◆ Exercise instructions:
Compute how many lines below contain the word "apply" and respond with that number only.

◆ Excerpted records:
----
Lemma l4_constant_le (q s d : nat) (C : algC) : 0 <= C -> (0 < q)%N -> (2 <= d)%N ->
  (q ^ d.-1 <= 4 * s)%N ->
  (q ^ d)%:R * (1 + C * q%:R ^+ (d - 2)) <= 16 * (1 + C) * s%:R ^+ 2.
Proof.
move=> C_ge0 q_gt0 d_ge2 qs.
have sqr_qs : (q ^ d.-1 * q ^ d.-1 <= 16 * (s * s))%N.
  by have := leq_mul qs qs; lia.
have q_pow : (q ^ d * q ^ (d - 2) = q ^ d.-1 * q ^ d.-1)%N by rewrite -!expnD; congr expn; lia.
have qd_le : (q ^ d <= q ^ d.-1 * q ^ d.-1)%N.
  by rewrite -q_pow leq_pmulr ?expn_gt0 ?q_gt0.
rewrite mulrDr mulr1 mulrCA -natrX -natrM q_pow.
have -> : 16 * (1 + C) * s%:R ^+ 2 = (16 * (s * s))%:R + C * (16 * (s * s))%:R.
  by rewrite !natrM; ring.
apply: lerD; first by rewrite ler_nat (leq_trans qd_le).
by rewrite ler_wpM2l // ler_nat.
Qed.

Lemma root4_le (K X Y : algC) : 0 <= K -> 0 <= X -> 0 <= Y -> X <= K * Y ^+ 2 ->
  4.-root X <= 4.-root K * sqrtC Y.
Proof.
move=> K_ge0 X_ge0 Y_ge0 XKY.
rewrite -(ler_pXn2r (isT : (0 < 4)%N)) ?nnegrE ?mulr_ge0 ?rootC_ge0 ?sqrtC_ge0 //.
by rewrite exprMn !rootCK // -[4%N]/(2 * 2)%N exprM sqrtCK.
Qed.

Theorem lemma4p1 (d : nat) (hd : (2 <= d)%N) (C : algC) (hC : 0 <= C) :
  exists C' : algC, 0 <= C' /\
  forall (F : finFieldType) (A : 'M[F]_d) (j : F) (chi : F -> algC),
    (2 : F) != 0 ->
    nondeg_qform A ->
    j != 0 ->
    nontriv_add_char chi ->
    (forall x : 'rV[F]_d, x != 0 ->
       (sum_count (Sj A j) x)%:R <= C * (#|F|%:R) ^+ (d - 2)) ->
    Rstar_2_4_le chi (Sj A j) C'.
Proof.
have C'_ge0 : 0 <= 16 * (1 + C) by rewrite mulr_ge0 ?ler0n ?addr_ge0.
exists (4.-root (16 * (1 + C))); split; first by rewrite rootC_ge0.
move=> F A j chi two_neq0 A_nondeg j_neq0 chi_nontriv count_le f.
have q_gt0 : (0 < #|F|)%N by apply/card_gt0P; exists 0.
have card_ge := card_Sj_ge chi_nontriv A_nondeg two_neq0 hd j_neq0.
have S_gt0 : (0 < #|Sj A j|)%N.
  have : (0 < #|F| ^ d.-1)%N by rewrite expn_gt0 q_gt0.
  lia.
set S := Sj A j in count_le card_ge S_gt0 *.
have S_neq0 : (#|S|%:R : algC) != 0 by rewrite pnatr_eq0 -lt0n.
have Cq_ge0 : 0 <= C * #|F|%:R ^+ (d - 2) by rewrite mulr_ge0 ?exprn_ge0 ?ler0n.
apply: root4_le => //.
- by rewrite sumr_ge0 // => m _; rewrite exprn_ge0.
- by rewrite mulr_ge0 ?invr_ge0 ?ler0n ?mass2_ge0.
apply: le_trans (sum_norm4_extop_le f chi_nontriv Cq_ge0 count_le) _.
rewrite -/(mass2 S f) [X in _ <= X](_ : _ = #|S|%:R^-1 ^+ 4 *
  (16 * (1 + C) * #|S|%:R ^+ 2 * mass2 S f ^+ 2)); last by field.
rewrite -(mulrA (#|S|%:R^-1 ^+ 4)); apply: ler_wpM2l; first by rewrite exprn_ge0 ?invr_ge0.
rewrite mulrA; apply: ler_wpM2r; first by rewrite exprn_ge0 ?mass2_ge0.
exact: l4_constant_le hC q_gt0 hd card_ge.
Qed.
----
◆ Exercise solution:
6